▶ **TASK ITEM**:
Of all the lines in the entries below, give again exactly those starting at the line containing "forall i, 0 < f" and ending at the line containing "rewrite [RHS](eq_bigl (fun", both ends included, and no others.

BEGIN RECORDS FOR THE TASK

(* If $(n,x,y)\in\mathbb Z^3$ satisfies $n\ge 3$, $\max\{|x|,|y|\}\ge 2$ and $\Phi_n(x,y)<7^{\varphi(n)/2}$, then $\max\{|x|,|y|\}=2$.
   Context: For $n\ge 1$, $\phi_n(X)\in\mathbb Z[X]$ denotes the $n$-th cyclotomic polynomial (degree $\varphi(n)$, $\varphi$ Euler's totient function), and the cyclotomic binary form is $\Phi_n(X,Y)=Y^{\varphi(n)}\phi_n(X/Y)$. *)

From HB Require Import structures.
From mathcomp Require Import all_boot all_order all_algebra all_field.
Set Implicit Arguments. Unset Strict Implicit. Unset Printing Implicit Defensive.
Import Order.TTheory GRing.Theory Num.Theory.
Local Open Scope ring_scope.

(* Cyclotomic binary form Phi_n(X,Y) = Y^{phi(n)} phi_n(X/Y), evaluated at
   integers x, y: the homogenization sum_i c_i x^i y^(phi(n) - i), where
   'Phi_n = sum_i c_i X^i (size 'Phi_n = totient n + 1). *)
Definition cycloBinForm (n : nat) (x y : int) : int :=
  \sum_(i < size 'Phi_n) ('Phi_n)`_i * x ^+ i * y ^+ (totient n - i).

From HB Require Import structures.
From mathcomp Require Import all_boot all_order all_algebra all_field.
From mathcomp Require Import zify ring.
Import Order.TTheory GRing.Theory Num.Theory.
Local Open Scope ring_scope.

Set Implicit Arguments.
Unset Strict Implicit.
Unset Printing Implicit Defensive.

(* Pairing each primitive n-th root of unity with its conjugate writes
   Phi_n(x, y) as a product over phi(n)/2 indices k of
   (x - z^k y)(x - z^-k y) = (x - y)^2 + x y |1 - z^k|^2.
   When x y >= 0, superadditivity of the geometric mean (from AM-GM) and
   prod |1 - z^k|^2 = Phi_n(1) >= 1 give Phi_n(x, y) >= (x^2 - x y + y^2)^(phi(n)/2);
   when x y < 0 the same argument with -z^k gives the bound with x^2 + x y + y^2.
   Both quadratic forms are at least 7 as soon as max(|x|, |y|) >= 3. *)

Section GeometricMean.
Variables (F : numFieldType) (I : finType) (A : {pred I}).

Lemma ratio_lt_mean (f d : I -> F) (a c : F) :
  (0 < #|A|)%N -> {in A, forall i, 0 <= f i} -> {in A, forall i, 0 < d i} ->
  0 < a -> 0 < c -> a ^+ #|A| <= \prod_(i in A) f i ->
  \prod_(i in A) d i < c ^+ #|A| ->
  a / c < (\sum_(i in A) f i / d i) / #|A|%:R.
Proof.
move=> N_gt0 f_ge0 d_gt0 a_gt0 c_gt0 le_a lt_c.
have fd_ge0 : {in A, forall i, 0 <= f i / d i}.
  by move=> i Ai; rewrite divr_ge0 ?f_ge0 ?ltW ?d_gt0.
have mean_ge0 : 0 <= (\sum_(i in A) f i / d i) / #|A|%:R.
  by rewrite divr_ge0 ?sumr_ge0.
rewrite -(ltr_pXn2r N_gt0) ?nnegrE ?mean_ge0 ?divr_ge0 ?ltW //.
apply: lt_le_trans (leif_AGM fd_ge0).1.
have d_prod_gt0 : 0 < \prod_(i in A) d i by apply: prodr_gt0.
rewrite big_split /= prodfV expr_div_n.
apply: lt_le_trans (_ : a ^+ #|A| / \prod_(i in A) d i <= _).
  by rewrite ltr_pM2l ?exprn_gt0 // ltf_pV2 ?posrE ?exprn_gt0.
by rewrite ler_wpM2r // invr_ge0 ltW.
Qed.

Lemma geomean_superadditive (f g : I -> F) (a b : F) :
  0 <= a -> 0 <= b -> {in A, forall i, 0 <= f i} -> {in A, forall i, 0 <= g i} ->
  a ^+ #|A| <= \prod_(i in A) f i -> b ^+ #|A| <= \prod_(i in A) g i ->
  (a + b) ^+ #|A| <= \prod_(i in A) (f i + g i).
Proof.
move=> + + f_ge0 g_ge0 le_a le_b; rewrite !le0r.
move=> /predU1P[-> _|a_gt0].
  rewrite add0r (le_trans le_b) // ler_prod // => i Ai.
  by rewrite g_ge0 // lerDr f_ge0.
move=> /predU1P[->|b_gt0].
  rewrite addr0 (le_trans le_a) // ler_prod // => i Ai.
  by rewrite f_ge0 // lerDl g_ge0.
have [N0|N_gt0] := posnP #|A|.
  by rewrite N0 expr0 (big_pred0 _ _ _ _ (card0_eq N0)).
have fg_gt0 : {in A, forall i, 0 < f i + g i}.
  move=> i Ai; rewrite lt0r addr_ge0 ?f_ge0 ?g_ge0 // andbT.
  apply: contraTneq le_a => /eqP; rewrite paddr_eq0 ?f_ge0 ?g_ge0 // => /andP[/eqP fi0 _].
  by rewrite (bigD1 i) //= fi0 mul0r lt_geF ?exprn_gt0.
have ab_gt0 : 0 < a + b by rewrite addr_gt0.
rewrite real_leNgt ?ger0_real ?exprn_ge0 ?prodr_ge0 ?ltW //; last first.
  by move=> i Ai; rewrite ltW ?fg_gt0.
apply/negP => lt_prod.
(* Otherwise the two AM-GM bounds would add up to more than 1. *)
have := ltrD (ratio_lt_mean N_gt0 f_ge0 fg_gt0 a_gt0 ab_gt0 le_a lt_prod)
             (ratio_lt_mean N_gt0 g_ge0 fg_gt0 b_gt0 ab_gt0 le_b lt_prod).
rewrite -!mulrDl -big_split /= (eq_bigr (fun=> 1)) ?sumr_const; last first.
  by move=> i Ai; rewrite -mulrDl divff // gt_eqF ?fg_gt0.
by rewrite !divff ?ltxx // ?pnatr_eq0 -?lt0n // gt_eqF.
Qed.

End GeometricMean.

Lemma coprimeBl n k : (k <= n)%N -> coprime (n - k) n = coprime k n.
Proof.
by move=> le_kn; rewrite /coprime -{2 3}(subnK le_kn) gcdnDl gcdnDr gcdnC.
Qed.

Definition half_coprime n := [pred k : 'I_n | coprime k n && (k.*2 < n)%N].

Lemma big_coprime_pair (R : Type) (idx : R) (op : Monoid.com_law idx) n
    (F : nat -> R) : (2 < n)%N ->
  \big[op/idx]_(k < n | coprime k n) F k =
  \big[op/idx]_(k in half_coprime n) op (F k) (F (n - k)%N).
Proof.
move=> n_gt2; rewrite big_split /= (bigID (fun k : 'I_n => (k.*2 < n)%N)) /=.
congr (op _ _).
have coprime0n : coprime 0 n = false.
  by rewrite /coprime gcd0n; case: n n_gt2 => // [[]].
rewrite [RHS](eq_bigl (fun k : 'I_n => coprime k n && (k.*2 < n)%N)) //.
rewrite -(big_mkord (fun k => coprime k n && ~~ (k.*2 < n)%N)).
rewrite -(big_mkord (fun k => coprime k n && (k.*2 < n)%N) (fun k => F (n - k)%N)).
have n_gt0 : (0 < n)%N by lia.
rewrite big_ltn_cond // coprime0n [RHS]big_ltn_cond // coprime0n /=.
rewrite big_nat_rev [LHS]big_nat_cond [RHS]big_nat_cond.
apply: eq_big => [k|k /andP[/andP[_ lt_kn] _]]; last by rewrite add1n subSS.
rewrite add1n subSS; apply: andb_id2l => /andP[k_gt0 lt_kn].
rewrite coprimeBl; last exact: ltnW.
apply: andb_id2l => cop_kn.
have ne_k2n : k.*2 != n.
  apply: contraTneq cop_kn => k2n; move: n_gt2.
  by rewrite /coprime -k2n -muln2 gcdnMr; lia.
by apply/idP/idP; move: ne_k2n k_gt0 lt_kn; rewrite -!muln2; lia.
Qed.

Lemma totient_half_coprime n : (2 < n)%N -> totient n = (#|half_coprime n|).*2.
Proof.
move=> n_gt2; rewrite totient_count_coprime big_mkord.
transitivity (\sum_(k < n | coprime k n) 1)%N.
  by rewrite [RHS]big_mkcond; apply: eq_bigr => k _; rewrite coprime_sym; case: coprime.
by rewrite (big_coprime_pair _ (fun=> 1%N)) // sum_nat_const muln2.
Qed.

Definition binForm (R : nzRingType) (p : {poly R}) (x y : R) : R :=
  \sum_(i < size p) p`_i * x ^+ i * y ^+ ((size p).-1 - i).

Lemma cycloBinFormE n x y : cycloBinForm n x y = binForm 'Phi_n x y.
Proof. by rewrite /cycloBinForm /binForm size_Cyclotomic. Qed.

Lemma rmorph_binForm (R S : nzRingType) (f : {rmorphism R -> S}) p x y :
  injective f -> f (binForm p x y) = binForm (map_poly f p) (f x) (f y).
Proof.
move=> f_inj; rewrite /binForm size_map_inj_poly ?rmorph0 // rmorph_sum.
by apply: eq_bigr => i _; rewrite coef_map !rmorphM !rmorphXn.
Qed.

Lemma binForm_prod_XsubC (F : fieldType) (I : Type) (r : seq I) (P : pred I)
    (c : I -> F) x y :
  binForm (\prod_(i <- r | P i) ('X - (c i)%:P)) x y =
  \prod_(i <- r | P i) (x - c i * y).
Proof.
rewrite -big_filter -[RHS]big_filter; move: (filter P r) => {P}r.
set p : {poly F} := \prod_(i <- r) _.
have size_p : size p = (size r).+1 by apply: size_prod_XsubC.
have lead_p : p`_(size r) = 1.
  by rewrite -[size r]/((size r).+1.-1) -size_p -lead_coefE; apply/monicP/monic_prod_XsubC.
have horner_p t : p.[t] = \prod_(i <- r) (t - c i).
  by rewrite horner_prod; under eq_bigr do rewrite hornerXsubC.
have prod_const z : \prod_(i <- r) z = z ^+ size r.
  by rewrite (big_tnth _ _ r) prodr_const card_ord.
clearbody p; rewrite /binForm size_p /=.
have [->|y_neq0] := eqVneq y 0.
  rewrite big_ord_recr /= big1 => [|i _]; last first.
    by rewrite expr0n subn_eq0 leqNgt ltn_ord mulr0.
  under [RHS]eq_bigr do rewrite mulr0 subr0.
  by rewrite add0r subnn expr0 mulr1 lead_p mul1r prod_const.
have -> : \prod_(i <- r) (x - c i * y) = y ^+ size r * p.[x / y].
  rewrite horner_p -prod_const -big_split /=.
  by apply: eq_bigr => i _; field.
rewrite horner_coef size_p mulr_sumr; apply: eq_bigr => i _.
have le_i_r : (i <= size r)%N by rewrite -ltnS.
rewrite expr_div_n (exprB le_i_r) ?unitfE //.
by field; rewrite expf_neq0.
Qed.

Lemma mul_conj_factors (C : numClosedFieldType) (w x y : C) : `|w| = 1 ->
  (x - w * y) * (x - w^* * y) = (x - y) ^+ 2 + x * y * `|1 - w| ^+ 2.
Proof.
move=> w_norm; have w_conj : w * w^* = 1 by rewrite -normCK w_norm expr1n.
rewrite normCK rmorphB /= conjC1; move: (w^*) w_conj => v wv.
have -> : (x - w * y) * (x - v * y) = x ^+ 2 - (w + v) * x * y + w * v * y ^+ 2.
  by ring.
have -> : (1 - w) * (1 - v) = 1 - (w + v) + w * v by ring.
by rewrite wv; ring.
Qed.

Lemma prod_conj_factors_ge (I : finType) (A : {pred I}) (w : I -> algC) (x y : int) :
  0 <= x * y -> {in A, forall i, `|w i| = 1} ->
  1 <= \prod_(i in A) `|1 - w i| ^+ 2 ->
  ((x ^+ 2 - x * y + y ^+ 2)%:~R : algC) ^+ #|A| <=
  \prod_(i in A) ((x%:~R - w i * y%:~R) * (x%:~R - (w i)^* * y%:~R)).
Proof.
move=> xy_ge0 w_norm prod_ge1.
rewrite (eq_bigr (fun i => ((x - y) ^+ 2)%:~R + (x * y)%:~R * `|1 - w i| ^+ 2)); last first.
  by move=> i Ai; rewrite mul_conj_factors ?w_norm // expr2 !intrM intrB.
have -> : x ^+ 2 - x * y + y ^+ 2 = (x - y) ^+ 2 + x * y by ring.
have a_ge0 : 0 <= ((x - y) ^+ 2)%:~R :> algC by rewrite ler0z sqr_ge0.
have b_ge0 : 0 <= (x * y)%:~R :> algC by rewrite ler0z.
rewrite rmorphD /=; apply: geomean_superadditive => //.
- by move=> i _; rewrite mulr_ge0 ?exprn_ge0.
- by rewrite prodr_const.
- by rewrite prodrMl ler_peMr ?exprn_ge0.
Qed.

Section CyclotomicFactors.
Variables (n : nat) (z : algC).
Hypotheses (n_gt2 : (2 < n)%N) (prim_z : n.-primitive_root z).

Lemma norm_prim_rootX k : `|z ^+ k| = 1.
Proof.
have n_gt0 : (0 < n)%N := prim_order_gt0 prim_z.
suff z_norm : `|z| = 1 by rewrite normrX z_norm expr1n.
apply: (pexpIrn n_gt0); rewrite ?nnegrE ?normr_ge0 ?ler01 //.
by rewrite -normrX prim_expr_order // normr1 expr1n.
Qed.

Lemma conj_prim_rootX k : (k <= n)%N -> (z ^+ k)^* = z ^+ (n - k).
Proof.
move=> le_kn; rewrite -[LHS]mul1r -(prim_expr_order prim_z) -{1}(subnK le_kn).
by rewrite exprD -mulrA -normCK norm_prim_rootX expr1n mulr1.
Qed.

Lemma cycloBinForm_prod (x y : int) :
  (cycloBinForm n x y)%:~R = \prod_(k in half_coprime n)
    ((x%:~R - z ^+ k * y%:~R) * (x%:~R - (z ^+ k)^* * y%:~R)) :> algC.
Proof.
rewrite cycloBinFormE (rmorph_binForm _ _ _ intr_inj) (Cintr_Cyclotomic prim_z).
rewrite /cyclotomic binForm_prod_XsubC.
rewrite (big_coprime_pair _ (fun k => x%:~R - z ^+ k * y%:~R)) //.
by apply: eq_bigr => k /andP[_ lt_2k_n]; rewrite conj_prim_rootX // ltnW.
Qed.

Lemma half_coprime_sqr_neq1 (k : 'I_n) : k \in half_coprime n -> (z ^+ k) ^+ 2 != 1.
Proof.
case/andP=> cop_kn lt_2k_n; rewrite -exprM muln2 -(expr0 z) (eq_prim_root_expr prim_z).
rewrite mod0n modn_small // double_eq0; apply: contraTneq cop_kn => ->.
by rewrite /coprime gcd0n gtn_eqF // ltnW.
Qed.

Lemma prod_norm_1_sub_ge1 (e : int) : e ^+ 2 = 1 ->
  1 <= \prod_(k in half_coprime n) `|1 - e%:~R * z ^+ k| ^+ 2.
Proof.
move=> e_sqr; have e_conj : (e%:~R : algC)^* = e%:~R by apply/conj_intr/intr_int.
set P := \prod_(k in _) _.
have P_gt0 : 0 < P.
  apply: prodr_gt0 => k half_k; apply: exprn_gt0; rewrite normr_gt0 subr_eq0 eq_sym.
  apply: contra (half_coprime_sqr_neq1 half_k) => /eqP ez_eq1.
  by rewrite -(expr1n _ 2) -ez_eq1 exprMn -rmorphXn e_sqr rmorph1 mul1r.
have P_int : P = (cycloBinForm n 1 e)%:~R.
  rewrite cycloBinForm_prod; apply: eq_bigr => k _.
  by rewrite normCK rmorphB rmorphM /= conjC1 e_conj rmorph1 ![e%:~R * _]mulrC.
by move: P_gt0; rewrite P_int ltr0z ler1z; lia.
Qed.

(* [e = 1] or [e = -1] covers both signs of [x * y]: the factors of the product
   are unchanged when [(z ^+ k, y)] is replaced by [(e * z ^+ k, e * y)]. *)
Lemma cycloBinForm_ge (e x y : int) : e ^+ 2 = 1 -> 0 <= x * (e * y) ->
  (x ^+ 2 - x * (e * y) + (e * y) ^+ 2) ^+ (totient n %/ 2) <= cycloBinForm n x y.
Proof.
move=> e_sqr sign_xey.
have e_norm : `|e%:~R : algC| = 1.
  by rewrite -intr_norm; move/eqP: e_sqr; rewrite sqr_norm_eq1 => /eqP->.
rewrite totient_half_coprime // -muln2 mulnK // -(ler_int algC) rmorphXn /=.
rewrite cycloBinForm_prod (eq_bigr (fun k : 'I_n =>
  (x%:~R - e%:~R * z ^+ k * (e * y)%:~R) * (x%:~R - (e%:~R * z ^+ k)^* * (e * y)%:~R))).
  apply: prod_conj_factors_ge sign_xey _ (prod_norm_1_sub_ge1 e_sqr) => k _.
  by rewrite normrM e_norm norm_prim_rootX mulr1.
move=> k _; have -> : (e%:~R * z ^+ k)^* = e%:~R * (z ^+ k)^* by rewrite rmorphM rmorph_int.
have ee : (e%:~R * e%:~R : algC) = 1 by rewrite -intrM -expr2 e_sqr.
have ee_cancel w : e%:~R * w * (e%:~R * y%:~R) = w * y%:~R :> algC.
  by rewrite mulrACA ee mul1r.
by rewrite (intrM _ e y) !ee_cancel.
Qed.

End CyclotomicFactors.

Lemma seven_le_eisenstein_norm (x y : int) :
  3 <= Num.max `|x| `|y| -> 7 <= x ^+ 2 - x * y + y ^+ 2.
Proof.
have := sqr_ge0 (y + y - x); have := sqr_ge0 (x + x - y).
by rewrite le_max !expr2 => ? ? /orP[] ?; nia.
Qed.

Lemma seven_pow_le_cycloBinForm n (x y : int) : (2 < n)%N ->
  3 <= Num.max `|x| `|y| -> 7 ^+ (totient n %/ 2) <= cycloBinForm n x y.
Proof.
move=> n_gt2 max_ge3; have [z prim_z] := C_prim_root_exists (ltnW (ltnW n_gt2)).
have [e e_sqr sign_xey] : exists2 e : int, e ^+ 2 = 1 & 0 <= x * (e * y).
  by have [xy_ge0|xy_lt0] := lerP 0 (x * y); [exists 1 | exists (-1)]; rewrite ?sqrrN1 //; nia.
apply: le_trans (cycloBinForm_ge n_gt2 prim_z e_sqr sign_xey).
have seven_le : 7 <= x ^+ 2 - x * (e * y) + (e * y) ^+ 2.
  apply: seven_le_eisenstein_norm; rewrite normrM.
  by move/eqP: e_sqr; rewrite sqr_norm_eq1 => /eqP->; rewrite mul1r.
by apply: lerXn2r; rewrite ?nnegrE ?(le_trans _ seven_le).
Qed.

Theorem mainTheorem3 (n : nat) (x y : int) :
  (3 <= n)%N ->
  2 <= Num.max `|x| `|y| ->
  cycloBinForm n x y < 7 ^+ (totient n %/ 2) ->
  Num.max `|x| `|y| = 2.
Proof.
move=> n_ge3 max_ge2 lt_7pow; apply/eqP; rewrite eq_le max_ge2 andbT.
rewrite leNgt; apply: contraL lt_7pow => max_gt2.
by rewrite -leNgt seven_pow_le_cycloBinForm.
Qed.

END RECORDS FOR THE TASK

▶ **EXERCISE OUTPUT**:
have fg_gt0 : {in A, forall i, 0 < f i + g i}.
  move=> i Ai; rewrite lt0r addr_ge0 ?f_ge0 ?g_ge0 // andbT.
  apply: contraTneq le_a => /eqP; rewrite paddr_eq0 ?f_ge0 ?g_ge0 // => /andP[/eqP fi0 _].
  by rewrite (bigD1 i) //= fi0 mul0r lt_geF ?exprn_gt0.
have ab_gt0 : 0 < a + b by rewrite addr_gt0.
rewrite real_leNgt ?ger0_real ?exprn_ge0 ?prodr_ge0 ?ltW //; last first.
  by move=> i Ai; rewrite ltW ?fg_gt0.
apply/negP => lt_prod.
(* Otherwise the two AM-GM bounds would add up to more than 1. *)
have := ltrD (ratio_lt_mean N_gt0 f_ge0 fg_gt0 a_gt0 ab_gt0 le_a lt_prod)
             (ratio_lt_mean N_gt0 g_ge0 fg_gt0 b_gt0 ab_gt0 le_b lt_prod).
rewrite -!mulrDl -big_split /= (eq_bigr (fun=> 1)) ?sumr_const; last first.
  by move=> i Ai; rewrite -mulrDl divff // gt_eqF ?fg_gt0.
by rewrite !divff ?ltxx // ?pnatr_eq0 -?lt0n // gt_eqF.
Qed.

End GeometricMean.

Lemma coprimeBl n k : (k <= n)%N -> coprime (n - k) n = coprime k n.
Proof.
by move=> le_kn; rewrite /coprime -{2 3}(subnK le_kn) gcdnDl gcdnDr gcdnC.
Qed.

Definition half_coprime n := [pred k : 'I_n | coprime k n && (k.*2 < n)%N].

Lemma big_coprime_pair (R : Type) (idx : R) (op : Monoid.com_law idx) n
    (F : nat -> R) : (2 < n)%N ->
  \big[op/idx]_(k < n | coprime k n) F k =
  \big[op/idx]_(k in half_coprime n) op (F k) (F (n - k)%N).
Proof.
move=> n_gt2; rewrite big_split /= (bigID (fun k : 'I_n => (k.*2 < n)%N)) /=.
congr (op _ _).
have coprime0n : coprime 0 n = false.
  by rewrite /coprime gcd0n; case: n n_gt2 => // [[]].
rewrite [RHS](eq_bigl (fun k : 'I_n => coprime k n && (k.*2 < n)%N)) //.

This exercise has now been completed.